RUSYA UKRAYNA SAVAŞI: Rusya-Ukrayna savaşını durdurmayla yönelik ne cinsten bir adım atılacak merak ediliyor. Gazze sorununda ABD İsrail’e daha ne kadar dayanak verecek? Savaşı durduracak mı yoksa yaygınlaşmasına mı takviye verecek? Bu hususta açıkçası, “Yüzde yüz şunu yapar” dememizi mümkün kılacak fazla bir data yok.

Temelde iki konu var. Birincisi, şayet Kabineye bakarsanız, görülen emare, bu kadar İsrail yanlısı bir kabinenin Netanyahu’nun bütün yayılmacı emellerini destekleyeceği tarafında. İkincisi ise Trump’un “Ben savaşları bitirmeye geliyorum, yeni savaş çıkarmaya değil” diyor olması. Bu kelamını temel alırsanız, buradan hareketle tam aksi istikamette bir emareden kelam etmek de mümkün. Artık bu iki farklı, iki tezat emeranin birbirini ne kadar dengeleyeceğini, bunun bölgeye nasıl yansıyacağını önümüzdeki süreçte göreceğiz.

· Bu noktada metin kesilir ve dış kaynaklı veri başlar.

(* For all integers $r \geq 3$ and $k \geq \max\{r-1,4\}$, we have $N(k,r) \geq (2r-4)k$.
   Context: A $k$-power is a word of the form $u^k$ (concatenation of $k$ copies of $u$) with $u$ nonempty. An $r$-antipower is a word $u_1 \cdots u_r$ with $|u_1| = \cdots = |u_r|$ and $u_1,\dots,u_r$ pairwise distinct. $N(k,r)$ is the smallest integer $\ell$ such that every binary word (over $\{0,1\}$) of length $\ell$ contains either a $k$-power or an $r$-antipower as a factor (contiguous subword). *)

From mathcomp Require Import all_boot.
Set Implicit Arguments. Unset Strict Implicit. Unset Printing Implicit Defensive.

(* Binary words are sequences of booleans (false = 0, true = 1). *)

Definition factor (w v : seq bool) : bool := infix w v.

Definition is_kpower (k : nat) (w : seq bool) : Prop :=
  exists u : seq bool, u != [::] /\ w = flatten (nseq k u).

Definition is_antipower (r : nat) (w : seq bool) : Prop :=
  exists us : seq (seq bool),
    [/\ size us = r, w = flatten us,
        (forall u, u \in us -> size u = size (head [::] us)) & uniq us].

(* Every binary word of length l contains a k-power or an r-antipower
   as a factor. N(k,r) is the least l with this property. *)
Definition forces (k r l : nat) : Prop :=
  forall w : seq bool, size w = l ->
    exists v, factor v w /\ (is_kpower k v \/ is_antipower r v).

Definition N_ge (k r m : nat) : Prop := forall l, forces k r l -> m <= l.

From mathcomp Require Import all_boot zify.
Set Implicit Arguments. Unset Strict Implicit. Unset Printing Implicit Defensive.

(* The witness is the infinite word ((01)^(k-1) 00)^ω, cut to length l < (2r-4)k.
   A factor 00 of it starts exactly at the positions congruent to -2 or -1 mod 2k,
   and between two such positions the word alternates.  In a k-power u^k inside the
   prefix, |u| <= 2k-3, and some occurrence of 00 recurs at distance |u| and 2|u|,
   which the residues mod 2k forbid.  In an r-antipower u_1 ... u_r, the blocks
   without 00 alternate, so they are determined by their first letter and there
   are at most two of them; each other block contains a positive multiple of 2k
   smaller than the length of the prefix, and there are at most r-3 of those. *)

Section UniformBlocks.

Variables (T : eqType) (f : nat -> T).

Lemma take_drop_map_iota s n i m :
  take m (drop i (map f (iota s n))) = map f (iota (s + i) (minn m (n - i))).
Proof. by rewrite -map_drop -map_take drop_iota take_iota. Qed.

Lemma infix_map_iota v l : infix v (map f (iota 0 l)) ->
  exists2 s, s + size v <= l & v = map f (iota s (size v)).
Proof.
case/infixP=> [p [q E]].
have size_l : size p + size v + size q = l.
  by rewrite -(size_iota 0 l) -(size_map f) E !size_cat addnA.
exists (size p); first lia.
have v_slice : v = take (size v) (drop (size p) (map f (iota 0 l))).
  by rewrite E drop_size_cat // take_size_cat.
rewrite [LHS]v_slice take_drop_map_iota; congr (map f (iota _ _)); lia.
Qed.

Lemma shape_uniform (us : seq (seq T)) m :
  {in us, forall u, size u = m} -> shape us = nseq (size us) m.
Proof.
move=> size_us; rewrite -(size_map size us); apply/all_pred1P/allP.
by move=> _ /mapP [u /size_us size_u ->]; rewrite /= size_u.
Qed.

Lemma size_flatten_uniform (us : seq (seq T)) m :
  {in us, forall u, size u = m} -> size (flatten us) = size us * m.
Proof.
by move=> /shape_uniform shape_us; rewrite size_flatten shape_us sumn_nseq mulnC.
Qed.

Lemma nth_uniform_flatten (us : seq (seq T)) m s i :
  {in us, forall u, size u = m} -> flatten us = map f (iota s (size us * m)) ->
  i < size us -> nth [::] us i = map f (iota (s + i * m) m).
Proof.
move=> /shape_uniform shape_us flat_us lt_i.
rewrite -[us in LHS]flattenK nth_reshape shape_us nth_nseq lt_i take_nseq ?(ltnW lt_i) //.
rewrite sumn_nseq flat_us take_drop_map_iota; congr (map f (iota _ _)); nia.
Qed.

Lemma nth_map_iota_power x0 (u : seq T) k s p :
  flatten (nseq k u) = map f (iota s (k * size u)) -> p < k * size u ->
  f (s + p) = nth x0 u (p %% size u).
Proof.
move=> pow_u lt_p; have m_gt0 : 0 < size u by case: (size u) lt_p => [|//]; rewrite muln0.
have blk : u = map f (iota (s + p %/ size u * size u) (size u)).
  have := @nth_uniform_flatten (nseq k u) (size u) s (p %/ size u).
  rewrite size_nseq nth_nseq ltn_divLR // lt_p; apply=> //.
  by move=> _ /nseqP [-> _].
rewrite {1}blk (nth_map 0) ?size_iota ?ltn_pmod // nth_iota ?ltn_pmod //.
by rewrite -addnA -divn_eq.
Qed.

End UniformBlocks.

Section ZigzagWord.

Variable k : nat.
Hypothesis k_gt0 : 0 < k.

(* Letter i of ((01)^(k-1) 00)^ω, read off the residue c of i mod 2k. *)
Definition zigzag (i : nat) : bool :=
  let c := i %% (2 * k) in odd c && (c.+1 < 2 * k).

Definition zeros_at (x : nat) : bool := ~~ zigzag x && ~~ zigzag x.+1.

Lemma zigzag_no11 x : ~~ (zigzag x && zigzag x.+1).
Proof. by rewrite /zigzag -[x.+1]addn1 modnD ?(modn_small (_ : 1 < 2 * k)); lia. Qed.

Lemma zigzag_succ x : ~~ zeros_at x -> zigzag x.+1 = ~~ zigzag x.
Proof.
by have := zigzag_no11 x; rewrite /zeros_at; case: (zigzag x); case: (zigzag x.+1).
Qed.

Lemma zeros_atE x : zeros_at x = ((2 * k).-2 <= x %% (2 * k)).
Proof.
by rewrite /zeros_at /zigzag -[x.+1]addn1 modnD ?(modn_small (_ : 1 < 2 * k)); lia.
Qed.

Lemma zeros_at_window s : exists2 x, s <= x <= s + (2 * k).-2 & zeros_at x.
Proof.
exists (s + ((2 * k).-2 - s %% (2 * k))); first lia.
have lt_d : (2 * k).-2 - s %% (2 * k) < 2 * k by lia.
by rewrite zeros_atE modnD ?(modn_small lt_d); lia.
Qed.

Lemma zeros_at_ltn_mult x : zeros_at x -> x < x.+2 %/ (2 * k) * (2 * k).
Proof.
have d_gt0 : 0 < 2 * k by lia.
rewrite zeros_atE => zx; apply: leq_trans (ltn_ceil x d_gt0) _.
rewrite leq_mul2r leq_divRL // [(x %/ _).+1 * _]mulSnr {2}(divn_eq x (2 * k)).
lia.
Qed.

Lemma zeros_at_progression x m : 0 < m -> m + 3 <= 2 * k ->
  zeros_at x -> zeros_at (x + m) -> ~~ zeros_at (x + m + m).
Proof.
move=> m_gt0 mk; rewrite !zeros_atE !modnD ?modn_mod ?(modn_small (_ : m < 2 * k)).
all: lia.
Qed.

Lemma zigzag_block_eq a b n :
  ~~ has zeros_at (iota a n.-1) -> ~~ has zeros_at (iota b n.-1) ->
  zigzag a = zigzag b -> map zigzag (iota a n) = map zigzag (iota b n).
Proof.
elim: n a b => [//|[|n] IH] a b /=; first by move=> _ _ ->.
rewrite !negb_or => /andP [za ha] /andP [zb hb] ab.
by rewrite ab; congr (_ :: _); apply: IH => //; rewrite !zigzag_succ // ab.
Qed.

Definition block_has00 (s m i : nat) : bool := has zeros_at (iota (s + i * m) m.-1).

Lemma block_has00_ltn_mult s m i : block_has00 s m i ->
  s + i * m < (s + i * m + m) %/ (2 * k) * (2 * k).
Proof.
case/hasP=> x; rewrite mem_iota => /andP [le_x lt_x] z_x.
apply: (leq_ltn_trans le_x); apply: (leq_trans (zeros_at_ltn_mult z_x)).
by rewrite leq_mul2r leq_div2r ?orbT //; lia.
Qed.

Lemma count_block_has00 s m r : s + r * m < (r - 2) * (2 * k) ->
  count (block_has00 s m) (iota 0 r) <= r - 3.
Proof.
move=> end_lt; pose h i := (s + i * m + m) %/ (2 * k).
have h_bounds i : block_has00 s m i -> s + i * m < h i * (2 * k) <= s + i * m + m.
  by move=> b_i; rewrite leq_divM andbT block_has00_ltn_mult.
have block_end i j : i < j -> s + i * m + m <= s + j * m.
  by move=> lt_ij; rewrite -addnA leq_add2l -mulSnr leq_mul2r lt_ij orbT.
rewrite -size_filter -(size_map h) -[r - 3](size_iota 1).
apply: uniq_leq_size.
  apply: (sorted_uniq ltn_trans ltnn).
  apply: (@homo_sorted_in _ _ (block_has00 s m) h ltn ltn).
  - move=> i j b_i b_j /block_end.
    case/andP: (h_bounds i b_i) => _ hi_le; case/andP: (h_bounds j b_j) => hj_gt _.
    by move=> ij; rewrite /ltn /= -(ltn_pmul2r (_ : 0 < 2 * k)); lia.
  - by apply/allP => i; rewrite mem_filter => /andP [].
  - exact: sorted_filter ltn_trans _ _ (iota_ltn_sorted 0 r).
move=> y /mapP [i]; rewrite mem_filter mem_iota => /andP [b_i lt_i] ->.
have := block_end i r lt_i; case/andP: (h_bounds i b_i) => hi_gt hi_le end_le.
have : h i * (2 * k) < (r - 2) * (2 * k) by lia.
rewrite ltn_pmul2r ?muln_gt0 // mem_iota => lt_h.
have : 0 < h i * (2 * k) by lia.
by rewrite muln_gt0 => /andP [h_gt0 _]; lia.
Qed.

Lemma count_predC_block_has00 s m (us : seq (seq bool)) : uniq us ->
  (forall i, i < size us -> nth [::] us i = map zigzag (iota (s + i * m) m)) ->
  count (predC (block_has00 s m)) (iota 0 (size us)) <= 2.
Proof.
move=> uniq_us blockE.
rewrite -size_filter -(size_map (fun i => zigzag (s + i * m))).
apply: (@uniq_leq_size _ _ [:: false; true]); last by case.
rewrite map_inj_in_uniq ?filter_uniq ?iota_uniq //.
move=> i j; rewrite !mem_filter !mem_iota /= => /andP [b_i lt_i] /andP [b_j lt_j] ij.
apply/eqP; rewrite -(nth_uniq [::] _ _ uniq_us) //.
by rewrite !blockE //; apply/eqP/zigzag_block_eq.
Qed.

End ZigzagWord.

Lemma zigzag_no_kpower k s n : 4 <= k -> n < (2 * k - 2) * k ->
  ~ is_kpower k (map (zigzag k) (iota s n)).
Proof.
move=> k_ge4 n_lt [u [u_nil v_pow]]; have k_gt0 : 0 < k by lia.
set m := size u; have m_gt0 : 0 < m by rewrite lt0n size_eq0.
have n_eq : n = k * m.
  rewrite -(size_iota s n) -(size_map (zigzag k)) v_pow (size_flatten_uniform (m := m)).
    by rewrite size_nseq.
  by move=> _ /nseqP [-> _].
have m_small : m + 3 <= 2 * k by move: n_lt; rewrite n_eq mulnC ltn_mul2r; lia.
have periodic p : p < n -> zigzag k (s + p) = nth false u (p %% m).
  by rewrite n_eq; apply: nth_map_iota_power; rewrite -n_eq v_pow.
have [p z_p lt_p] : exists2 p, zeros_at k (s + p) & p.+1 < n.
  have [m_le1|m_ge2] := leqP m 1.
    exists 0; last lia.
    have zz_s : zigzag k s = zigzag k s.+1.
      have m_eq1 : m = 1 by lia.
      by rewrite -[in LHS](addn0 s) -addn1 !periodic ?m_eq1 ?modn1 //; lia.
    by have := zigzag_no11 k_gt0 s; rewrite addn0 /zeros_at -zz_s; case: zigzag.
  have [x /andP [le_sx le_xs] z_x] := zeros_at_window k_gt0 s.
  have : 2 * k <= n by rewrite n_eq [k * m]mulnC leq_mul2r; lia.
  by exists (x - s); rewrite ?subnKC //; lia.
pose q := p %% m.
have zeros_shift j : j <= 2 -> zeros_at k (s + q + j * m).
  move=> le_j2; have lt_q : q < m := ltn_pmod p m_gt0.
  have : j.+1 * m < n by rewrite n_eq ltn_mul2r; lia.
  move=> le_n; move: z_p; rewrite /zeros_at -!addnA -!addnS !periodic; try lia.
  rewrite addnC modnMDl modn_mod addnS -addSn addnC modnMDl.
  by rewrite -[q.+1]addn1 modnDml addn1.
have z0 := zeros_shift 0 isT; have z1 := zeros_shift 1 isT; have z2 := zeros_shift 2 isT.
rewrite mul0n addn0 in z0; rewrite mul1n in z1; rewrite mul2n -addnn addnA in z2.
by have := zeros_at_progression k_gt0 m_gt0 m_small z0 z1; rewrite z2.
Qed.

Lemma zigzag_no_antipower k r s n : 0 < k -> s + n < (r - 2) * (2 * k) ->
  ~ is_antipower r (map (zigzag k) (iota s n)).
Proof.
move=> k_gt0 end_lt [us [size_us v_flat size_blocks uniq_us]].
set m := size (head [::] us) in size_blocks.
have n_eq : n = size us * m.
  rewrite -(size_iota s n) -(size_map (zigzag k)) v_flat.
  exact: size_flatten_uniform.
have blockE i : i < size us -> nth [::] us i = map (zigzag k) (iota (s + i * m) m).
  by apply: nth_uniform_flatten; rewrite // -v_flat n_eq.
have := count_predC (block_has00 k s m) (iota 0 (size us)).
have := count_predC_block_has00 k_gt0 uniq_us blockE.
have := count_block_has00 k_gt0 (s := s) (m := m) (r := size us).
rewrite size_iota -n_eq size_us; lia.
Qed.

Theorem corollary2 (k r : nat) :
  3 <= r -> maxn r.-1 4 <= k -> N_ge k r ((2 * r - 4) * k).
Proof.
move=> _; rewrite geq_max => /andP [r_le k_ge4] l forces_l.
rewrite leqNgt; apply/negP => l_lt.
have size_w : size (map (zigzag k) (iota 0 l)) = l by rewrite size_map size_iota.
have [v [v_factor v_pow]] := forces_l _ size_w.
have [s sv_le v_eq] := infix_map_iota v_factor.
have l_eq : (2 * r - 4) * k = (r - 2) * (2 * k) by rewrite mulnA mulnBl mulnC; lia.
rewrite v_eq in v_pow; case: v_pow.
  apply: zigzag_no_kpower => //.
  have : (2 * r - 4) * k <= (2 * k - 2) * k by rewrite leq_mul2r; lia.
  lia.
by apply: zigzag_no_antipower; lia.
Qed.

SAVAŞ RİSKİ: Putin’in söz ettiği global savaş riski, natürel ki savaşı geniş manasıyla kullanmak koşuluyla- daima bizim de uyardığımız bir mevzu. Ukrayna’da devam eden savaşın, Gazze’de devam eden savaşın artık fay sınırlarını giderek derinleştirdiğini ve aşikâr aktörleri bir ortaya getirdiğini, kutuplaşmanın arttığını görüyoruz. Münasebetiyle belirli kanatlar artık birbirini gözlemeye başlıyorlar. Bu manada bir global yaygınlaşma var. Artık yani Kuzey Kore’nin dünyanın öbür ucundan savaşa faal taraf olmasını görüyoruz askerlerini göndererek. Amerika’nın baştan beri gönderdiği silahlar, Avrupa’nın gönderdiği silahlar, savaşa açıktan taraf oldukları bir durumu ortaya çıkardı. Şu anda hem ekonomik, hem siyasi hem de sıcak savaş olarak devam eden topyekun bir gayret var. Bunu sözün geniş manasıyla bir global savaş olarak 17 nitelendirmek mümkün. Kıymetli olan bunun şiddetinin artmaması. Aşikâr yerlerdeki ekonomik ve siyasal savaşın, sıcak savaşa dönüşmemesini temin etmek. Artık her iki taraf da elini yükselterek bir gerçekliği ortaya koyuyor.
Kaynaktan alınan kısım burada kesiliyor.